The UK’s National Crime Agency has arrested a man in east London who they suspect was a "leading figure in an organized crime group supplying significant numbers of small boats to people smugglers."
The man, who the National Crime Agency (NCA) have named as Hewa R, is originally from Iran but had been living in east London. He was arrested not far from his home during a police operation in Wanstead Park, east London in the afternoon of May 4.
In a video posted by the NCA on Twitter showing Hewa R being apprehended by police officers he is told that he is also wanted by the authorities in Belgium. The Belgium authorities suspect him of being a "leading figure in a network said by prosecutors to be engaged in ‘systematic human smuggling’ offenses using small boats."
Joint operation
The police operation to arrest Hewa R was jointly carried out by the NCA and the Belgium authorities. In October 2021, the teams seized a number of boats and outboard motors found in the back of a car near the Belgian-French border, according to the NCA.
Police say Hewa R sourced these boats from Turkey and then had them delivered to locations across Germany, Belgium and the Netherlands. He is suspected of directing other members of the criminal organization to take them on to the French coast before loading them with migrants in order to cross the Channel towards the UK.
Hewa R was to make a first appearance on May 5 before Westminster magistrates court, where his extradition proceedings to Belgium were to begin.

'A major player in small boat smuggling'
Jacque Beer, the NCA Deputy Director of Investigations said that Hewa R "stands accused of being a major player in [...] one of the most significant criminal networks involved in supplying boats to people smugglers."

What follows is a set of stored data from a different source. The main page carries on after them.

(* Assume the $abc$-conjecture. Let $k \ge 3$ be an integer and $\epsilon>0$. Then there is a constant $C_{k,\epsilon}>0$ such that for all real $x \ge 1$ and all real $y$ with $1 \le y \le x$, \[ Q_k(x+y) - Q_k(x) \le C_{k,\epsilon}\, y^{(2+\epsilon)/k}. \]
   Context: A positive integer $n$ is $k$-full if every prime $p$ dividing $n$ satisfies $p^k \mid n$. $Q_k(x)$ denotes the number of $k$-full positive integers $n \le x$. For a nonzero integer $m$, $\kappa(m)=\prod_{p\mid m} p$ is the product of the distinct primes dividing $m$. The $abc$-conjecture is the statement: for every $\epsilon>0$ there is a constant $C_\epsilon>0$ such that for all integers $a,b,c$ with $a+b=c$ and $\gcd(a,b)=1$, one has $\max\{|a|,|b|,|c|\} \le C_\epsilon\, \kappa(abc)^{1+\epsilon}$. *)

From Stdlib Require Import Reals ZArith.
From mathcomp Require Import all_boot.

Definition kappa (m : Z) : nat := (\prod_(p <- primes (Z.abs_nat m)) p)%N.

Definition kfull (k n : nat) : bool :=
  (0 < n)%N && all (fun p => p ^ k %| n)%N (primes n).

Definition Qk (k : nat) (x : R) : nat :=
  (\sum_(1 <= n < (Z.to_nat (Int_part x)).+1) (kfull k n : nat))%N.

Local Open Scope R_scope.

(* The abc-conjecture (restricted to abc <> 0, so that kappa(abc) is as in
   the paper's definition for nonzero integers). *)
Definition abc_conjecture : Prop :=
  forall eps : R, 0 < eps ->
  exists C : R, 0 < C /\
  forall a b c : Z, (a + b = c)%Z -> Z.gcd a b = 1%Z -> (a * b * c <> 0)%Z ->
    IZR (Z.max (Z.abs a) (Z.max (Z.abs b) (Z.abs c)))
      <= C * Rpower (INR (kappa (a * b * c))) (1 + eps).

From Stdlib Require Import Reals ZArith Lra Lia.
From mathcomp Require Import all_boot zify.

(* Let n < m be k-full numbers in (x, 2x].  Dividing n, m - n and m by
   g = gcd(n, m - n) gives a coprime triple a + b = c with
   rad(abc) <= rad(n) rad(m) b, and rad(n), rad(m) <= (2x)^(1/k).  The
   abc-conjecture then gives x < m = c g <= C (2x)^(2(1+e)/k) (m - n)^(1+e),
   so k-full numbers near x are x^((1 - 2(1+e)/k)/(1+e)) / const apart.
   Hence (x, x + y] with y <= x contains at most
   1 + const y x^(-(1 - 2(1+e)/k)/(1+e)) <= 1 + const y^(1 - (1 - 2(1+e)/k)/(1+e))
   of them, and a small e turns the exponent into (2 + eps)/k. *)

Definition rad (n : nat) : nat := \prod_(p <- primes n) p.

Lemma kappa_Z_of_nat n : kappa (Z.of_nat n) = rad n.
Proof. by rewrite /kappa Zabs2Nat.id. Qed.

Lemma rad_gt0 n : 0 < rad n.
Proof.
by rewrite /rad big_seq prodn_cond_gt0 // => p; rewrite mem_primes => /andP[/prime_gt0].
Qed.

Lemma dvdn_rad p n : p \in primes n -> p %| rad n.
Proof. by move=> pn; rewrite /rad (big_rem p pn) dvdn_mulr. Qed.

Lemma prod_primes_expn_dvd (s : seq nat) e N :
  uniq s -> all prime s -> (forall p, p \in s -> p ^ e %| N) ->
  (\prod_(p <- s) p) ^ e %| N.
Proof.
elim: s => [|p s IHs] /=; first by rewrite big_nil exp1n dvd1n.
move=> /andP[p_s s_uniq] /andP[p_pr s_pr] dvd_s.
have p_coprime : coprime p (\prod_(q <- s) q).
  rewrite prime_coprime // Euclid_dvd_prod // big_has; apply/hasP => -[q qs].
  by rewrite dvdn_prime2 // ?(allP s_pr) // => /eqP pq; rewrite pq qs in p_s.
rewrite big_cons expnMn Gauss_dvd ?coprimeXl ?coprimeXr //.
rewrite dvd_s ?mem_head //=; apply: IHs => // q qs.
by rewrite dvd_s // inE qs orbT.
Qed.

Lemma rad_dvd m N : 0 < N -> (forall p, prime p -> p %| m -> p %| N) -> rad m %| N.
Proof.
move=> N_gt0 dvd_N; rewrite -(expn1 (rad m)).
apply: prod_primes_expn_dvd; [exact: primes_uniq | exact: all_prime_primes |].
by move=> p; rewrite mem_primes expn1 => /and3P[p_pr _ /dvd_N]; apply.
Qed.

Lemma rad_kfull_leq k n : kfull k n -> rad n ^ k <= n.
Proof.
move=> /andP[n_gt0 /allP dvd_n]; apply: dvdn_leq => //.
exact: prod_primes_expn_dvd (primes_uniq n) (all_prime_primes n) dvd_n.
Qed.

Lemma rad_abc_dvd [a] b [g] :
  0 < a -> 0 < g -> rad (a * b * (a + b)) %| rad (a * g) * rad ((a + b) * g) * b.
Proof.
move=> a_gt0 g_gt0.
have [-> | b_gt0] := posnP b; first by rewrite !muln0 dvdn0.
apply: rad_dvd => [|p p_pr]; first by rewrite !muln_gt0 b_gt0 !rad_gt0.
have dvd_rad m : 0 < m * g -> p %| m -> p %| rad (m * g).
  by move=> mg_gt0 pm; rewrite dvdn_rad // mem_primes p_pr mg_gt0 dvdn_mulr.
rewrite !Euclid_dvdM // => /orP[/orP[pa | ->] | pc]; rewrite ?orbT //.
- by rewrite dvd_rad ?muln_gt0 ?a_gt0.
- by rewrite [p %| rad ((a + b) * g)]dvd_rad ?orbT // muln_gt0 addn_gt0 a_gt0.
Qed.

Lemma gcdn_coprime_split [n] d : 0 < n ->
  exists a b g, [/\ n = a * g, d = b * g, coprime a b & 0 < g].
Proof.
move=> n_gt0; set g := gcdn n d.
have g_gt0 : 0 < g by rewrite gcdn_gt0 n_gt0.
exists (n %/ g), (d %/ g), g; rewrite !divnK ?dvdn_gcdl ?dvdn_gcdr //; split=> //.
by rewrite /coprime -(eqn_pmul2r g_gt0) mul1n muln_gcdl !divnK ?dvdn_gcdl ?dvdn_gcdr.
Qed.

Local Open Scope R_scope.

Lemma ln_le_ln x y : 0 < x -> x <= y -> ln x <= ln y.
Proof. by move=> x_gt0 [/(ln_increasing _ _ x_gt0)/Rlt_le | ->]; [|right]. Qed.

Lemma exp_le_exp x y : x <= y -> exp x <= exp y.
Proof. by case=> [/exp_increasing/Rlt_le | ->]; [|right]. Qed.

Lemma INR_gt0 [n] : (0 < n)%N -> 0 < INR n.
Proof. by move=> n_gt0; apply/lt_0_INR/ltP. Qed.

Lemma ln_INR_le [m n] : (0 < m)%N -> (m <= n)%N -> ln (INR m) <= ln (INR n).
Proof. by move=> m_gt0 /leP/le_INR; exact: ln_le_ln (INR_gt0 m_gt0). Qed.

Lemma ln_INR_ge0 [n] : (0 < n)%N -> 0 <= ln (INR n).
Proof. by move=> n_gt0; rewrite -ln_1 -[1]/(INR 1); apply: ln_INR_le. Qed.

Lemma ln_INR_mul m n :
  (0 < m)%N -> (0 < n)%N -> ln (INR (m * n)) = ln (INR m) + ln (INR n).
Proof. by move=> m_gt0 n_gt0; rewrite mult_INR ln_mult //; exact: INR_gt0. Qed.

Lemma INR_expn m n : INR (m ^ n) = INR m ^ n.
Proof. by elim: n => [|n IHn] //=; rewrite expnS mult_INR IHn. Qed.

Lemma kfull_ln_rad [k n] : kfull k n -> INR k * ln (INR (rad n)) <= ln (INR n).
Proof.
move=> kn; rewrite -ln_pow -?INR_expn; last exact/INR_gt0/rad_gt0.
by apply: ln_INR_le; [rewrite expn_gt0 rad_gt0 | exact: rad_kfull_leq].
Qed.

Lemma sparse_count_le [f : pred nat] [a b : nat] [D : R] :
  (forall n m, (a < n)%N -> (n < m)%N -> (m <= b)%N -> f n -> f m -> D <= INR (m - n)) ->
  (0 < \sum_(a.+1 <= n < b.+1) f n)%N ->
  (INR (\sum_(a.+1 <= n < b.+1) f n) - 1) * D <= INR b - INR a.+1.
Proof.
move=> gap; pose T c := (\sum_(a.+1 <= n < c.+1) f n)%N; rewrite -/(T b) S_INR.
suff last_member c : (c <= b)%N -> (0 < T c)%N ->
    exists2 n, (a < n <= c)%N & f n /\ (INR (T c) - 1) * D <= INR n - (INR a + 1).
  move=> /(last_member b (leqnn b)) [n /andP[_ /leP/le_INR nb] [_ count_n]]; lra.
elim: c => [|c IHc] cb; first by rewrite /T big_geq.
have [c_lt_a | ac] := leqP c.+1 a; first by rewrite /T big_geq.
rewrite /T big_nat_recr //= -/(T c).
case fc: (f c.+1); last first.
  by rewrite addn0 => /(IHc (ltnW cb)) [n /andP[an nc] fn]; exists n; rewrite ?an ?leqW.
move=> _; exists c.+1; first by rewrite ac leqnn.
split; first exact: fc.
rewrite addn1 (S_INR (T c)).
have [-> | Tc_gt0] := posnP (T c).
  by have := le_INR _ _ (elimT leP ac); rewrite INR_0 !S_INR; lra.
have [n /andP[an nc] [fn count_n]] := IHc (ltnW cb) Tc_gt0.
have := gap n c.+1 an nc cb fn fc; rewrite minus_INR; last exact/leP/leqW.
lra.
Qed.

Definition nat_floor (r : R) : nat := Z.to_nat (Int_part r).

Lemma nat_floor_bounds [r] : 0 <= r -> INR (nat_floor r) <= r < INR (nat_floor r) + 1.
Proof.
move=> r_ge0; have [floor_le floor_gt] := base_Int_part r.
have Int_ge0 : (0 <= Int_part r)%Z by apply/Zlt_succ_le/lt_IZR; rewrite succ_IZR; lra.
by rewrite /nat_floor INR_IZR_INZ Z2Nat.id //; lra.
Qed.

Lemma nat_floor_le r s : 0 <= r -> r <= s -> (nat_floor r <= nat_floor s)%N.
Proof.
move=> r_ge0 rs; have [fr _] := nat_floor_bounds r_ge0.
have [_ fs] := nat_floor_bounds (Rle_trans _ _ _ r_ge0 rs).
by rewrite -ltnS; apply/ltP/INR_lt; rewrite S_INR; lra.
Qed.

Lemma Qk_split k x x' : 0 <= x -> x <= x' ->
  Qk k x' = (Qk k x + \sum_((nat_floor x).+1 <= n < (nat_floor x').+1) kfull k n)%N.
Proof. by move=> x_ge0 xx'; rewrite /Qk -big_cat_nat // ltnS nat_floor_le. Qed.

(* The gap bound exp (gap_exponent k e * ln x - gap_constant k e C) is
   (x^(1 - 2(1+e)/k) / (C 2^(2(1+e)/k)))^(1/(1+e)). *)
Definition gap_exponent (k : nat) (e : R) : R := (1 - 2 * (1 + e) / INR k) / (1 + e).
Definition gap_constant (k : nat) (e C : R) : R :=
  (ln C + 2 * (1 + e) * ln 2 / INR k) / (1 + e).

Section ABCGaps.

Variables (e C : R).
Hypotheses (e_ge0 : 0 <= e) (C_gt0 : 0 < C).
Hypothesis abc_eC : forall a b c : Z,
  (a + b = c)%Z -> Z.gcd a b = 1%Z -> (a * b * c <> 0)%Z ->
  IZR (Z.max (Z.abs a) (Z.max (Z.abs b) (Z.abs c)))
    <= C * Rpower (INR (kappa (a * b * c))) (1 + e).

Lemma abc_ln [a b] : (0 < a)%N -> (0 < b)%N -> coprime a b ->
  ln (INR (a + b)) <= ln C + (1 + e) * ln (INR (rad (a * b * (a + b)))).
Proof.
move=> a_gt0 b_gt0 coab.
have c_le : INR (a + b) <= C * Rpower (INR (rad (a * b * (a + b)))) (1 + e).
  rewrite -kappa_Z_of_nat !Nat2Z.inj_mul.
  apply: Rle_trans (abc_eC _ _ (Z.of_nat (a + b)) _ _ _); last lia.
  - by rewrite INR_IZR_INZ; apply: IZR_le; lia.
  - lia.
  - lia.
rewrite -ln_Rpower -ln_mult; [ | done | exact: exp_pos].
by apply: ln_le_ln c_le; apply/INR_gt0; rewrite addn_gt0 a_gt0.
Qed.

Lemma abc_ln_gap [n m] : (0 < n)%N -> (n < m)%N ->
  ln (INR m) <= ln C + (1 + e) *
    (ln (INR (rad n)) + ln (INR (rad m)) + ln (INR (m - n))).
Proof.
move=> n_gt0 lt_nm.
have [a [b [g [nE dE coab g_gt0]]]] := gcdn_coprime_split (m - n) n_gt0.
have mE : m = ((a + b) * g)%N by lia.
have a_gt0 : (0 < a)%N by lia.
have b_gt0 : (0 < b)%N by lia.
have rad_le : (rad (a * b * (a + b)) <= rad n * rad m * b)%N.
  rewrite nE mE; apply: dvdn_leq (rad_abc_dvd b a_gt0 g_gt0).
  by rewrite !muln_gt0 b_gt0 !rad_gt0.
have ln_rad := ln_INR_le (rad_gt0 _) rad_le.
rewrite !ln_INR_mul ?muln_gt0 ?rad_gt0 // in ln_rad.
have ln_rad_e := Rmult_le_compat_l (1 + e) _ _ ltac:(lra) ln_rad.
have abc_ab := abc_ln a_gt0 b_gt0 coab.
have ln_g_ge0 := ln_INR_ge0 g_gt0.
rewrite dE {1}mE !ln_INR_mul ?addn_gt0 ?a_gt0 //.
nra.
Qed.

Lemma kfull_gap k x n m : (0 < k)%N -> 0 < x -> x < INR n -> (n < m)%N ->
  INR m <= 2 * x -> kfull k n -> kfull k m ->
  gap_exponent k e * ln x - gap_constant k e C <= ln (INR (m - n)).
Proof.
move=> k_gt0 x_gt0 xn lt_nm mx kn km.
have n_gt0 : (0 < n)%N by case/andP: kn.
have nm : INR n < INR m by apply/lt_INR/ltP.
have K_gt0 := INR_gt0 k_gt0; set K := INR k in K_gt0 *.
set u := (ln 2 + ln x) / K.
have ln_rad_le j : kfull k j -> INR j <= 2 * x -> ln (INR (rad j)) <= u.
  move=> kj jx; have j_gt0 : 0 < INR j by apply/INR_gt0; case/andP: kj.
  have ln_j : ln (INR j) <= ln 2 + ln x by rewrite -ln_mult //; [apply: ln_le_ln | lra].
  have Ku : K * u = ln 2 + ln x by rewrite /u; field; lra.
  apply: (Rmult_le_reg_l K) => //; rewrite Ku; have := kfull_ln_rad kj; rewrite -/K; lra.
have ln_rad_n := ln_rad_le n kn ltac:(lra).
have ln_rad_m := ln_rad_le m km mx.
have rad_sum := Rmult_le_compat_l (1 + e) _ _ ltac:(lra)
  (Rplus_le_compat _ _ _ _ ln_rad_n ln_rad_m).
have ln_x : ln x < ln (INR m) by apply: ln_increasing; lra.
have gap := abc_ln_gap n_gt0 lt_nm.
have -> : gap_exponent k e * ln x - gap_constant k e C =
    (ln x - ln C - 2 * (1 + e) * u) * / (1 + e).
  by rewrite /gap_exponent /gap_constant /u -/K; field; lra.
have -> : ln (INR (m - n)) = (1 + e) * ln (INR (m - n)) * / (1 + e) by field; lra.
by apply: Rmult_le_compat_r; [apply/Rlt_le/Rinv_0_lt_compat; lra | nra].
Qed.

Lemma kfull_window_count [k x y] : (0 < k)%N -> 0 < x -> 0 <= y <= x ->
  INR (Qk k (x + y)) - INR (Qk k x)
    <= 1 + y * exp (gap_constant k e C - gap_exponent k e * ln x).
Proof.
move=> k_gt0 x_gt0 [y_ge0 yx].
rewrite (Qk_split k x (x + y)); [|lra|lra].
have [_ a_gt] := nat_floor_bounds (Rlt_le _ _ x_gt0).
have [b_le _] := nat_floor_bounds (ltac:(lra) : 0 <= x + y).
set a := nat_floor x in a_gt *; set b := nat_floor (x + y) in b_le *.
set T := (\sum_(a.+1 <= n < b.+1) kfull k n)%N.
set c := gap_constant k e C; set al := gap_exponent k e.
have E_gt0 := exp_pos (c - al * ln x).
rewrite plus_INR; have [-> | T_gt0] := posnP T; first by rewrite INR_0; nra.
have gap n m : (a < n)%N -> (n < m)%N -> (m <= b)%N -> kfull k n -> kfull k m ->
    exp (al * ln x - c) <= INR (m - n).
  move=> an nm mb kn km.
  rewrite -(exp_ln (INR (m - n))); last by apply/INR_gt0; rewrite subn_gt0.
  apply/exp_le_exp/kfull_gap => //.
  - by have := le_INR _ _ (elimT leP an); rewrite S_INR; lra.
  - by have := le_INR _ _ (elimT leP mb); lra.
have := sparse_count_le gap T_gt0; rewrite -/T S_INR => count_T.
have D_inv : exp (al * ln x - c) * exp (c - al * ln x) = 1.
  by rewrite -exp_plus -exp_0; congr exp; ring.
have : (INR T - 1) * exp (al * ln x - c) * exp (c - al * ln x) <= y * exp (c - al * ln x).
  by apply: Rmult_le_compat_r; lra.
rewrite Rmult_assoc D_inv; lra.
Qed.

End ABCGaps.

Lemma gap_exponent_choice [k eps] : (3 <= k)%N -> 0 < eps ->
  exists e, [/\ 0 < e, 0 <= gap_exponent k e & 1 - gap_exponent k e <= (2 + eps) / INR k].
Proof.
move=> k_ge3 eps_gt0.
have K_ge3 : 3 <= INR k by rewrite -[3]/(IZR (Z.of_nat 3)) -INR_IZR_INZ; apply/le_INR/leP.
set K := INR k in K_ge3 *; set e := Rmin (1 / 2) (eps / K).
have e_gt0 : 0 < e by apply: Rmin_glb_lt; [lra | apply: Rdiv_lt_0_compat; lra].
have e_half : e <= 1 / 2 := Rmin_l _ _.
have e_eps : e <= eps / K := Rmin_r _ _.
exists e; split=> //.
  rewrite /gap_exponent -/K.
  have -> : (1 - 2 * (1 + e) / K) / (1 + e) = (K - 2 * (1 + e)) * / (K * (1 + e)).
    by field; lra.
  by apply: Rle_mult_inv_pos; [lra | apply: Rmult_lt_0_compat; lra].
have -> : 1 - gap_exponent k e = e - e * e / (1 + e) + 2 / K.
  by rewrite /gap_exponent -/K; field; lra.
have : 0 <= e * e / (1 + e) by apply: Rle_mult_inv_pos; nra.
have -> : (2 + eps) / K = 2 / K + eps / K by field; lra.
lra.
Qed.

Lemma mul_exp_le_Rpower [x y al b] c : 1 <= y <= x -> 0 <= al -> 1 - al <= b ->
  y * exp (c - al * ln x) <= exp c * Rpower y b.
Proof.
move=> [y_ge1 yx] al_ge0 al_b.
have ln_y_ge0 : 0 <= ln y by rewrite -ln_1; apply: ln_le_ln; lra.
have ln_yx : al * ln y <= al * ln x by apply/Rmult_le_compat_l/ln_le_ln => //; lra.
have ln_b := Rmult_le_compat_r _ _ _ ln_y_ge0 al_b.
rewrite /Rpower -[X in X * _](exp_ln y); last lra.
rewrite -!exp_plus; apply: exp_le_exp; lra.
Qed.

Theorem theorem4 :
  abc_conjecture ->
  forall (k : nat) (eps : R), (3 <= k)%N -> 0 < eps ->
  exists C : R, 0 < C /\
  forall x y : R, 1 <= x -> 1 <= y -> y <= x ->
    INR (Qk k (x + y)) - INR (Qk k x) <= C * Rpower y ((2 + eps) / INR k).
Proof.
move=> abc k eps k_ge3 eps_gt0.
have [e [e_gt0 al_ge0 al_le]] := gap_exponent_choice k_ge3 eps_gt0.
have [C [C_gt0 abc_eC]] := abc e e_gt0.
set c := gap_constant k e C.
exists (1 + exp c); split=> [|x y x_ge1 y_ge1 yx]; first by have := exp_pos c; lra.
have k_gt0 : (0 < k)%N by apply: leq_trans k_ge3.
have x_gt0 : 0 < x by lra.
have y_bounds : 0 <= y <= x by lra.
have := kfull_window_count _ _ (Rlt_le _ _ e_gt0) C_gt0 abc_eC k_gt0 x_gt0 y_bounds.
have := mul_exp_le_Rpower c (conj y_ge1 yx) al_ge0 al_le.
have : 1 <= Rpower y ((2 + eps) / INR k).
  rewrite -(Rpower_O y); last lra.
  apply: Rle_Rpower => //; apply: Rle_mult_inv_pos; [lra | exact: INR_gt0].
have := exp_pos c; rewrite -/c; nra.
Qed.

At the prosecutor’s office in West Flanders in Belgium, Frank Demeester told the press that "together with [the] smuggling of human beings by refrigerated transport, smuggling by small boats is highest on our priority list."
Demeester added that any smuggling of human beings posed "the ultimate threat to life, so we do everything possible to intervene as soon as possible. Every crossing that can be avoided is a potentially fatal crossing that has been foiled."
Andrea Wilson, the NCA’s Deputy Director of Organized Immigration Crime, added that the agency was working hard to try and disrupt the supply of small boats. They said they had informed the maritime industry, to raise awareness about how criminal organizations might seek to buy small boats and equipment.
Wilson said that some of the vessels they had found attempting to cross the Channel were "nothing short of death-traps, held together using gaffer tape and planks of wood." She called on those in the maritime industry who have suspicions about a sale to "please report it."